India presents a potential investment opportunity of $50 billion for battery storage facilities that could help integrate renewable energy into the grid, replace polluting diesel-fueled power and boost electric mobility, according to Andres Gluski, CEO of American energy firm AES Corp.
“Battery-based energy storage has an essential role to play in helping India realize its vision for a more sustainable energy future,” Gluski said, in an interview with Bloomberg.
Gluski was in India to launch the country’s first utility-scale battery storage system, which has been installed to support the grid in New Delhi. The 10 MW system, at Tata Power Delhi Distribution’s Rohini substation, was built by AES with Mitsubishi for almost $9 million. It uses the Advancion energy storage platform from Fluence, a joint venture between Siemens and AES.

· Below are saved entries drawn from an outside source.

(* Let $q$ be an odd prime power and let $P(q^2)$ be the Paley graph on $\mathbb{F}_{q^2}$, with non-principal eigenvalues $\lambda_1=\frac{-1+q}{2}$ and $\lambda_2=\frac{-1-q}{2}$. For each $i\in\{1,2\}$, the minimum cardinality of the support of a $\lambda_i$-eigenfunction of $P(q^2)$ equals $q+1$. *)

From HB Require Import structures.
From mathcomp Require Import all_boot all_order all_algebra all_field.
From mathcomp Require Import reals.
Set Implicit Arguments. Unset Strict Implicit. Unset Printing Implicit Defensive.
Import Order.TTheory GRing.Theory Num.Theory.
Local Open Scope ring_scope.

Definition odd_prime_power (q : nat) : Prop :=
  exists p k : nat, [/\ prime p, odd p, (0 < k)%N & q = (p ^ k)%N].

Definition paley_adj (F : finFieldType) (x y : F) : bool :=
  (x != y) && [exists z : F, z ^+ 2 == x - y].

Definition paley_eigenfunction (F : finFieldType) (R : realType) (lam : R)
    (f : F -> R) : Prop :=
  (exists x, f x != 0) /\
  (forall x : F, \sum_(y : F | paley_adj x y) f y = lam * f x).

Definition supp (F : finFieldType) (R : realType) (f : F -> R) : {set F} :=
  [set x | f x != 0].

From HB Require Import structures.
From mathcomp Require Import all_boot all_order all_algebra all_field.
From mathcomp Require Import cyclic reals.
From mathcomp Require Import ring lra zify.
Import Order.TTheory GRing.Theory Num.Theory.
Set Implicit Arguments. Unset Strict Implicit.
Local Open Scope ring_scope.

(* Write m = (q + 1) / 2 and e = (q - 1) m = (q^2 - 1) / 2, the degree of the
   graph; chi x = x ^ e is the quadratic character of F = F_(q^2), and by
   Euler's criterion x ~ y iff chi (x - y) = 1.  The non-principal eigenvalues
   are m - 1 = (q - 1) / 2 and - m = (-1 - q) / 2.

   Lower bound (general graph theory): in a loopless graph, a nonzero
   lam-eigenfunction f with sum f = 0 has |supp f| > |lam| + |1 + lam|; take x
   maximising |f|, then the eigenvalue equation at x and the relation sum f = 0
   force |lam| neighbours and |1 + lam| non-neighbours of x into supp f.  On the
   Cayley graph P(q^2) every eigenvalue other than e gives sum f = 0, and
   |lam| + |1 + lam| = q for both eigenvalues.

   Construction: let K = F_q and U = {u | u ^ (q + 1) = 1} (the norm-one
   circle, of size q + 1), and sgnU the function u |-> u ^ m = +-1 on U, 0 off U.
   A line u + K s through a point u of U meets U in exactly one further point,
   whose sign is opposite when chi s * (-1) ^ m = -1; so sgnU sums to 0 along such
   lines.  Grouping the neighbours (or non-neighbours) of v into lines through v
   turns this into the eigenvalue equation for x |-> sgnU (c x), whose
   eigenvalue is selected by the value of chi c, and whose support c^-1 U has
   q + 1 elements. *)

Lemma expf_card_pred (F : finFieldType) (x : F) : x != 0 -> x ^+ #|F|.-1 = 1.
Proof.
move=> nz; apply: (mulIf nz).
by rewrite mul1r -exprSr prednK ?expf_card // (ltn_trans _ (finNzRing_gt1 F)).
Qed.

Lemma finField_prim_root (F : finFieldType) :
  exists g : F, (#|F|.-1).-primitive_root g.
Proof.
pose rs := enum [pred x : F | x != 0].
have /hasP[g _ Hg] : has (#|F|.-1).-primitive_root rs.
  apply: has_prim_root; last by rewrite -cardE cardC1.
  - by rewrite -subn1 subn_gt0 finNzRing_gt1.
  - apply/allP => x; rewrite mem_enum inE => nz.
    by rewrite unity_rootE expf_card_pred.
  - exact: enum_uniq.
by exists g.
Qed.

Lemma card_roots_of_unity (F : finFieldType) (d : nat) :
  (d %| #|F|.-1)%N -> (0 < d)%N -> #|[set x : F | x ^+ d == 1]| = d.
Proof.
move=> d_dvd d_gt0; have [g g_prim] := finField_prim_root F.
have h_prim := dvdn_prim_root g_prim d_dvd; set h := g ^+ _ in h_prim.
have -> : [set x : F | x ^+ d == 1] = [set h ^+ (val i) | i : 'I_d].
  apply/setP => x; rewrite inE; apply/idP/imsetP.
    by move/eqP/(prim_rootP h_prim) => [i ->]; exists i.
  by move=> [i _ ->]; rewrite exprAC (prim_expr_order h_prim) expr1n.
rewrite card_imset ?card_ord // => i j /eqP.
by rewrite (eq_prim_root_expr h_prim) !modn_small ?ltn_ord // => /eqP /val_inj.
Qed.

Lemma sum_translates (R : nzRingType) (V : finZmodType) (S : {set V}) (f : V -> R) :
  \sum_v \sum_(s in S) f (v - s) = #|S|%:R * \sum_v f v.
Proof.
rewrite exchange_big /= mulr_natl -sumr_const; apply: eq_bigr => s _.
by rewrite [RHS](reindex_inj (addIr (- s))).
Qed.

Lemma cayley_eigenfunction_sum0 (R : numDomainType) (V : finZmodType)
    (S : {set V}) (f : V -> R) (lam : R) :
  (forall v, \sum_(s in S) f (v - s) = lam * f v) -> lam != #|S|%:R ->
  \sum_v f v = 0.
Proof.
move=> eig lam_neq.
have : lam * \sum_v f v = #|S|%:R * \sum_v f v.
  by rewrite mulr_sumr -sum_translates; apply: eq_bigr => v _; rewrite eig.
by move/eqP; rewrite -subr_eq0 -mulrBl mulf_eq0 subr_eq0 (negbTE lam_neq) => /eqP.
Qed.

Lemma norm_sum_le_support (R : numDomainType) (T : finType) (f : T -> R)
    (P : pred T) (M : R) :
  (forall y, `|f y| <= M) ->
  `|\sum_(y | P y) f y| <= #|[set y | P y && (f y != 0)]|%:R * M.
Proof.
move=> f_le; rewrite (bigID (fun y => f y != 0)) /= [X in _ + X]big1; last first.
  by move=> y /andP [_ /negPn /eqP].
rewrite addr0 mulr_natl -sumr_const.
apply: le_trans (ler_norm_sum _ _ _) _.
rewrite (eq_bigl (fun y => y \in [set y | P y && (f y != 0)])); last first.
  by move=> y; rewrite inE.
by apply: ler_sum => y _.
Qed.

(* Support bound for eigenfunctions of a loopless graph: if f is a nonzero
   lam-eigenfunction with vanishing sum and x maximises |f|, then the eigenvalue
   equation at x needs |lam| neighbours of x in the support, and the equation
   sum f = 0 needs |1 + lam| non-neighbours, so |supp f| > |lam| + |1 + lam|. *)
Lemma eigenfunction_support_bound (R : realDomainType) (T : finType)
    (adj : rel T) (f : T -> R) (lam : R) (n : nat) :
  irreflexive adj -> (exists x, f x != 0) ->
  (forall x, \sum_(y | adj x y) f y = lam * f x) -> \sum_y f y = 0 ->
  n%:R <= `|lam| + `|1 + lam| -> (n < #|[set x | f x != 0%R]|)%N.
Proof.
move=> adj_irr [x0 fx0] eig sum0 n_le.
have [x _ x_max] := @arg_maxP _ R T x0 xpredT (fun y => `|f y|) isT.
have f_le y : `|f y| <= `|f x| by exact: x_max.
have fx_gt0 : 0 < `|f x| by apply: lt_le_trans (f_le x0); rewrite normr_gt0.
set A1 := [set y | adj x y && (f y != 0)].
set A2 := [set y | ((y != x) && ~~ adj x y) && (f y != 0)].
have A1_ge : `|lam| * `|f x| <= #|A1|%:R * `|f x|.
  by rewrite -normrM -eig; apply: norm_sum_le_support.
have nonadj_sum : \sum_(y | (y != x) && ~~ adj x y) f y = - ((1 + lam) * f x).
  move: sum0; rewrite (bigD1 x) //= (bigID (adj x)) /=.
  have adj_neq y : (y != x) && adj x y = adj x y.
    by case: (eqVneq y x) => [->|//]; rewrite adj_irr.
  by rewrite (eq_bigl _ _ adj_neq) eig mulrDl mul1r => sum0; lra.
have A2_ge : `|1 + lam| * `|f x| <= #|A2|%:R * `|f x|.
  by rewrite -normrM -normrN -nonadj_sum; apply: norm_sum_le_support.
have supp_ge : (#|A1| + #|A2| < #|[set y | f y != 0%R]|)%N.
  have sub : x |: (A1 :|: A2) \subset [set y | f y != 0].
    apply/subsetP => y; rewrite !inE -normr_gt0.
    by case/orP=> [/eqP -> //|/orP[]/andP[_]]; rewrite normr_gt0.
  apply: leq_trans (subset_leq_card sub).
  rewrite cardsU1 !inE adj_irr eqxx /= cardsU.
  suff -> : A1 :&: A2 = set0 by rewrite cards0 subn0.
  by apply/setP => y; rewrite !inE; case: (adj x y); rewrite ?andbF.
have : n%:R * `|f x| <= (#|A1| + #|A2|)%:R * `|f x|.
  rewrite natrD mulrDl; apply: le_trans (lerD A1_ge A2_ge).
  by rewrite -mulrDl ler_pM2r.
by rewrite ler_pM2r // ler_nat => n_le'; exact: leq_ltn_trans n_le' supp_ge.
Qed.

Section PaleyField.
Variables (F : finFieldType) (q : nat).
Hypotheses (q_pp : odd_prime_power q) (cardF : #|F| = (q ^ 2)%N).

(* m = (q + 1) / 2, and e = (q - 1) m = (#|F| - 1) / 2 is the degree of P(q^2). *)
Let m := (q.+1)./2.
Let e := (q.-1 * m)%N.

Lemma q_gt1 : (1 < q)%N.
Proof.
case: q_pp => p [k [p_pr _ k_gt0 ->]].
by rewrite (leq_trans (prime_gt1 p_pr)) // -{1}(expn1 p) leq_pexp2l // prime_gt0.
Qed.

Lemma q_gt0 : (0 < q)%N.
Proof. exact: ltnW q_gt1. Qed.

Lemma succq_double : q.+1 = (m * 2)%N.
Proof.
have q_odd : odd q by case: q_pp => p [k [_ p_odd _ ->]]; rewrite oddX p_odd orbT.
by rewrite muln2 /m -[LHS]odd_double_half /= q_odd.
Qed.

Lemma e_gt0 : (0 < e)%N.
Proof. by have := q_gt1; have := succq_double; rewrite /e; nia. Qed.

Lemma card_units : #|F|.-1 = (e * 2)%N.
Proof. by rewrite cardF /e -mulnA -succq_double; have := q_gt1; nia. Qed.

Lemma pchar_F : exists p k, [/\ p \in [pchar F], odd p & q = (p ^ k)%N].
Proof.
case: q_pp => p [k [p_pr p_odd _ q_def]]; exists p, k; split=> //.
by apply: (card_finPcharP (n := (k * 2)%N)) => //; rewrite cardF q_def -expnM.
Qed.

Lemma frobD (x y : F) : (x + y) ^+ q = x ^+ q + y ^+ q.
Proof.
have [p [k [p_char _ ->]]] := pchar_F.
by apply: exprDn_pchar; rewrite pnatX (pnatE _ (pcharf_prime p_char)) p_char.
Qed.

Lemma frobN (x : F) : (- x) ^+ q = - x ^+ q.
Proof.
by apply/eqP; rewrite -subr_eq0 opprK addrC -frobD subrr expr0n (gtn_eqF q_gt0).
Qed.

India has set a target of reaching 175 GW of renewable power generation capacity by 2022. The ability of the grid to integrate intermittent renewables and the huge investment required to upgrade the nation’s transmission and distribution infrastructure, are key challenges for India to meet its ambitious target.

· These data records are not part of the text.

Lemma acost_nseq_Ins a b m s :
  (b + m <= size Y)%N ->
  (forall k, (b <= k < b + m)%N -> L a k = w None (Some (nth x0 Y k)) + L a k.+1) ->
  acost w (drop a X) (drop (b + m) Y) s = Some (L a (b + m)) ->
  acost w (drop a X) (drop b Y) (nseq m Ins ++ s) = Some (L a b).
Proof.
elim: m b => [|m IH] b hbm tight; first by rewrite addn0.
move=> e; have hb : (b < size Y)%N by lia.
rewrite /= (drop_nth x0 hb) (IH b.+1).
- by rewrite (tight b) //; lia.
- lia.
- by move=> k hk; apply: tight; lia.
- by rewrite addSnnS.
Qed.

Lemma acost_nseq_Sub a b m s :
  (a + m <= size X)%N -> (b + m <= size Y)%N ->
  (forall u, (u < m)%N -> L (a + u) (b + u) =
     w (Some (nth x0 X (a + u))) (Some (nth x0 Y (b + u))) + L (a + u).+1 (b + u).+1) ->
  acost w (drop (a + m) X) (drop (b + m) Y) s = Some (L (a + m) (b + m)) ->
  acost w (drop a X) (drop b Y) (nseq m Defs.Sub ++ s) = Some (L a b).
Proof.
elim: m a b => [|m IH] a b ham hbm tight; first by rewrite !addn0.
move=> e.
have ha : (a < size X)%N by lia.
have hb : (b < size Y)%N by lia.
rewrite /= (drop_nth x0 ha) (drop_nth x0 hb) (IH a.+1 b.+1).
- by have := tight 0%N isT; rewrite !addn0 => ->.
- lia.
- lia.
- by move=> u hu; have := tight u.+1 hu; rewrite !addnS !addSn.
- by rewrite !addSnnS.
Qed.

End AlignmentPotential.

Lemma size_frag (C : Type) (X : seq C) a b :
  (b <= size X)%N -> size (frag X a b) = (b - a)%N.
Proof. by move=> hb; rewrite /frag size_take size_drop; case: ltnP; lia. Qed.

Lemma nth_frag (C : Type) (x0 : C) (X : seq C) a b k :
  (k < b - a)%N -> nth x0 (frag X a b) k = nth x0 X (a + k).
Proof. by move=> hk; rewrite /frag nth_take // nth_drop. Qed.

Definition xchr (p l t : nat) : chr := if t == p then CXp l else CX t.

Lemma size_Xs p l : size (Xs p l) = (2 * p + 1)%N.
Proof. by rewrite /Xs size_cat /= !size_map !size_iota addnS addn1 mul2n addnn. Qed.

Lemma size_Ys p q : size (Ys p q) = (2 * p + q)%N.
Proof. by rewrite /Ys size_map size_iota. Qed.

Lemma nth_Xs p l t : (t < 2 * p + 1)%N -> nth (CX 0) (Xs p l) t = xchr p l t.
Proof.
move=> ht; rewrite /Xs nth_cat size_map size_iota /xchr.
case: ltnP => htp.
  by rewrite (nth_map 0%N) ?size_iota // nth_iota // ifN // ltn_eqF.
case: (eqVneq t p) => [->|ne]; first by rewrite subnn.
have -> : (t - p = (t - p.+1).+1)%N by lia.
by rewrite /= (nth_map 0%N) ?size_iota ?nth_iota; [congr CX|..]; lia.
Qed.

Lemma nth_Ys p q k : (k < 2 * p + q)%N -> nth (CX 0) (Ys p q) k = CY k.
Proof. by move=> hk; rewrite /Ys (nth_map 0%N) ?size_iota // nth_iota. Qed.

Lemma mxget_out m n (M : 'M[int]_(m, n)) t c : (m <= t)%N -> mxget M t c = 0.
Proof. by move=> h; rewrite /mxget insubN // -leqNgt. Qed.

Lemma mxget_bound m n (M : 'M[int]_(m, n)) (E : int) t c :
  0 <= E -> (forall i j, - E <= M i j <= E) -> - E <= mxget M t c <= E.
Proof.
move=> hE hM; rewrite /mxget.
case: (insub t : option 'I_m) => [t'|]; case: (insub c : option 'I_n) => [c'|] //;
  by rewrite oppr_le0 hE.
Qed.

Lemma wchr_off_band p q r (A : 'M[int]_(p, q)) (B : 'M[int]_(q, r)) l D F t k :
  ~~ (t <= k < t + q)%N -> wchr A B D F (Some (xchr p l t)) (Some (CY k)) = 2 * F.
Proof.
move=> /negbTE band; rewrite /xchr; case: (eqVneq t p) => [tp|_] /=; first by rewrite -tp band.
by rewrite -!andbA band !andbF.
Qed.

Lemma wchr_del p q r (A : 'M[int]_(p, q)) (B : 'M[int]_(q, r)) D F x :
  wchr A B D F (Some x) None = F.
Proof. by case: x. Qed.

Lemma wchr_ins p q r (A : 'M[int]_(p, q)) (B : 'M[int]_(q, r)) D F y :
  wchr A B D F None (Some y) = F.
Proof. by case: y. Qed.

(* The diagonal of the band [t <= k < t + q] nearest to the cell (t, k). *)
Definition offset (q t k : nat) : nat := minn (k - t) q.-1.

Lemma offset_lt q t k : (0 < q)%N -> (offset q t k < q)%N.
Proof. by rewrite /offset; lia. Qed.

Lemma offset_band q t c : (c < q)%N -> offset q t (t + c) = c.
Proof. by rewrite /offset; lia. Qed.

Section Potential.
Context {p q r : nat} {A : 'M[int]_(p, q)} {B : 'M[int]_(q, r)} {l i D F : nat} {E : int}.
Hypotheses (q_gt0 : (0 < q)%N) (i_lt_p : (i < p)%N).
Hypotheses (A_bound : forall t c, - E <= mxget A t c <= E)
           (B_bound : forall c, - E <= mxget B c l <= E).
Hypotheses (E_ll_D : 4 * E < D%:Z)
           (D_ll_F : (q + 2 * p + 1)%:R * D%:Z + 4 * E < F%:Z).

Local Notation w := (wchr A B D%:Z F%:Z).

(* Multiple of D paid from row t on when x_t, x_(t+1), ... are substituted
   with y_(t+c), y_(t+1+c), ... up to the end of X. *)
Definition diag_cost (t c : nat) : nat :=
  if (t <= p)%N then ((p - t) * (q - c) + (p - i) * c.+1)%N
  else ((2 * p + 1 - i - t) * c.+1)%N.

Lemma diag_cost_row_drop t c c' :
  (c < q)%N -> (c' <= c <= c'.+1)%N -> (i <= t < 2 * p + 1 - i)%N ->
  (diag_cost t c <= q + 2 * p + 1 + diag_cost t.+1 c')%N.
Proof. rewrite /diag_cost; case: ifP; case: ifP; nia. Qed.

Lemma diag_cost_ltS t c :
  (c < q)%N -> (i < t <= p)%N -> (diag_cost t c < diag_cost t c.+1)%N.
Proof.
move=> hc /andP[hit htp]; rewrite /diag_cost htp.
have -> : (q - c = (q - c.+1).+1)%N by lia.
have : (p - t < p - i)%N by lia.
by move: (p - t)%N (p - i)%N (q - c.+1)%N => a b e hab; rewrite !mulnS; lia.
Qed.

Lemma diag_cost_step_lt t c : (t < p)%N -> diag_cost t c = (q - c + diag_cost t.+1 c)%N.
Proof. by rewrite /diag_cost; case: ifP; case: ifP; nia. Qed.

Lemma diag_cost_step_eq c : diag_cost p c = diag_cost p.+1 c.
Proof. by rewrite /diag_cost; case: ifP; case: ifP; nia. Qed.

Lemma diag_cost_step_gt t c :
  (p < t < 2 * p + 1 - i)%N -> diag_cost t c = (c.+1 + diag_cost t.+1 c)%N.
Proof. by rewrite /diag_cost; case: ifP; case: ifP; nia. Qed.

Lemma diag_cost_leS t c : (p < t)%N -> (diag_cost t c <= diag_cost t c.+1)%N.
Proof. by rewrite /diag_cost; case: ifP; nia. Qed.

Lemma diag_cost_first c : (c < q)%N -> diag_cost i c = ((p - i) * (q + 1))%N.
Proof. by move=> hc; rewrite /diag_cost ltnW //; nia. Qed.

Lemma diag_cost_last c : diag_cost (2 * p + 1 - i) c = 0%N.
Proof. by rewrite /diag_cost ifN ?subnn //; lia. Qed.

Definition diag_potential (t c : nat) : int :=
  (diag_cost t c)%:R * D%:Z
  + (if (t <= p)%N then mxget A t c + mxget B c l else 0).

Definition target : int := ((p - i) * (q + 1))%:R * D%:Z + minAB A B i l.

(* On the first row the leading insertions still let an alignment choose its
   diagonal, hence the minimum over all of them. *)
Definition potential (t k : nat) : int :=
  if t == i then target else diag_potential t (offset q t k).

Lemma target_le_diag_potential c : (c < q)%N -> target <= diag_potential i c.
Proof.
move=> hc; rewrite /diag_potential (ltnW i_lt_p) diag_cost_first // lerD2l.
exact: (bigmin_le _ (Ordinal hc) (fun j : 'I_q => _ + _)).
Qed.

Lemma target_attained : exists2 j, (j < q)%N & target = diag_potential i j.
Proof.
suff [j hj minE] : exists2 j, (j < q)%N & minAB A B i l = mxget A i j + mxget B j l.
  exists j => //.
  by rewrite /target minE /diag_potential (ltnW i_lt_p) diag_cost_first ?addrA.
apply: (big_ind (fun v => exists2 j, (j < q)%N & v = mxget A i j + mxget B j l)).
- by exists 0%N.
- by move=> x y [j1 h1 ->] [j2 h2 ->]; rewrite /Order.min; case: ifP; [exists j1|exists j2].
- by move=> j _; exists (nat_of_ord j).
Qed.

Lemma diag_potential_del t c c' :
  (c < q)%N -> (c' <= c <= c'.+1)%N -> (i <= t < 2 * p + 1 - i)%N ->
  diag_potential t c <= F%:Z + diag_potential t.+1 c'.
Proof.
move=> hc hcc ht; have := diag_cost_row_drop t c c' hc hcc ht.
have := A_bound t c; have := A_bound t.+1 c'; have := B_bound c; have := B_bound c'.
by rewrite /diag_potential; case: ifP; case: ifP; nia.
Qed.

Lemma diag_potential_offsetS t c :
  (c.+1 < q)%N -> (i < t)%N -> diag_potential t c <= diag_potential t c.+1.
Proof.
move=> hc hit; rewrite /diag_potential; case: leqP => htp.
  have := diag_cost_ltS t c (ltnW hc) (introT andP (conj hit htp)).
  have := A_bound t c; have := A_bound t c.+1; have := B_bound c; have := B_bound c.+1.
  nia.
by have := diag_cost_leS t c htp; nia.
Qed.

Lemma diag_potential_sub t c : (c < q)%N -> (i <= t < 2 * p + 1 - i)%N ->
  diag_potential t c + F%:Z
  = w (Some (xchr p l t)) (Some (CY (t + c))) + diag_potential t.+1 c.
Proof.
move=> hc ht; rewrite /diag_potential /xchr /wchr.
case: (ltngtP t p) => htp /=.
- by rewrite htp addKn leq_addr ltn_add2l hc /= diag_cost_step_lt // natrD; ring.
- have tp : (p < t <= 2 * p)%N by lia.
  rewrite ltnNge (ltnW htp) tp addKn leq_addr ltn_add2l hc /= diag_cost_step_gt; last by lia.
  by rewrite natrD; ring.
- subst t; rewrite addKn leq_addr ltn_add2l hc mxget_out // diag_cost_step_eq /=; ring.
Qed.

Lemma potential_le_diag t k : potential t k <= diag_potential t (offset q t k).
Proof. by rewrite /potential; case: eqP => [->|//]; apply/target_le_diag_potential/offset_lt. Qed.

Lemma potential_succ_row t k :
  (i <= t)%N -> potential t.+1 k = diag_potential t.+1 (offset q t.+1 k).
Proof. by move=> ht; rewrite /potential gtn_eqF. Qed.

Lemma potential_last k : potential (2 * p + 1 - i) k = 0.
Proof. by rewrite /potential /diag_potential diag_cost_last !ifN ?addr0 //; lia. Qed.

Lemma potential_del t k : (i <= t < 2 * p + 1 - i)%N ->
  potential t k <= F%:Z + potential t.+1 k.
Proof.
move=> ht; rewrite potential_succ_row; last by case/andP: ht.
apply: le_trans (potential_le_diag t k) _.
apply: diag_potential_del ht; first exact: offset_lt.
by rewrite /offset; lia.
Qed.

Lemma potential_ins t k : (i <= t)%N -> potential t k <= potential t k.+1.
Proof.
rewrite /potential; case: eqVneq => // ne ht.
have hit : (i < t)%N by rewrite ltn_neqAle eq_sym ne.
have [->//|ne'] := eqVneq (offset q t k.+1) (offset q t k).
have offS : offset q t k.+1 = (offset q t k).+1 by move: ne'; rewrite /offset; lia.
by rewrite offS diag_potential_offsetS // -offS offset_lt.
Qed.

Lemma potential_sub t k : (i <= t < 2 * p + 1 - i)%N ->
  potential t k + F%:Z <= w (Some (xchr p l t)) (Some (CY k)) + potential t.+1 k.+1.
Proof.
move=> ht; rewrite potential_succ_row; last by case/andP: ht.
have -> : offset q t.+1 k.+1 = offset q t k by rewrite /offset subSS.
apply: le_trans (lerD (potential_le_diag t k) (lexx _)) _.
have hc : (offset q t k < q)%N by apply: offset_lt.
have [band|off_band] := boolP (t <= k < t + q)%N.
  have -> : k = (t + (k - t))%N by lia.
  by rewrite offset_band ?diag_potential_sub //; lia.
rewrite wchr_off_band //.
have hcc : (offset q t k <= offset q t k <= (offset q t k).+1)%N by rewrite leqnn leqnSn.
by have := diag_potential_del t _ _ hc hcc ht; lia.
Qed.

Lemma potential_band j t : (j < q)%N -> target = diag_potential i j ->
  potential t (t + j) = diag_potential t j.
Proof. by rewrite /potential => hj hjt; case: eqP => [->|_]; rewrite ?offset_band. Qed.

Local Notation X := (frag (Xs p l) i (size (Xs p l) - i)).
Local Notation Y := (Ys p q).

Lemma size_X : size X = (2 * p + 1 - 2 * i)%N.
Proof. by rewrite size_frag size_Xs ?leq_subr //; lia. Qed.

Lemma nth_X a : (a < size X)%N -> nth (CX 0) X a = xchr p l (i + a).
Proof.
rewrite size_X => ha; rewrite nth_frag ?nth_Xs ?size_Xs //; lia.
Qed.

Lemma potential_after_X k : potential (i + size X) k = 0.
Proof. by rewrite size_X (_ : i + _ = 2 * p + 1 - i)%N ?potential_last //; lia. Qed.

Lemma nth_Y k : (k < size Y)%N -> nth (CX 0) Y k = CY k.
Proof. by rewrite size_Ys; apply: nth_Ys. Qed.

Definition grid_potential (a b : nat) : int :=
  (size Y - b)%:R * F%:Z + potential (i + a) b.

Lemma grid_potential_ins a b : (b < size Y)%N ->
  grid_potential a b = F%:Z + (size Y - b.+1)%:R * F%:Z + potential (i + a) b.
Proof. by move=> hb; rewrite /grid_potential; nia. Qed.

Lemma grid_potential_end : grid_potential (size X) (size Y) = 0.
Proof. by rewrite /grid_potential subnn potential_after_X. Qed.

Energy storage can help better integrate renewables by providing multiple services to the grid system, such as optimizing transmission and distribution investment, addressing forecasting errors associated with wind and solar generation for more accurate scheduling, solving local reliability issues by providing reactive power support, equipping end users to manage peak loads, and enabling more efficient utilization of distributed renewable generation.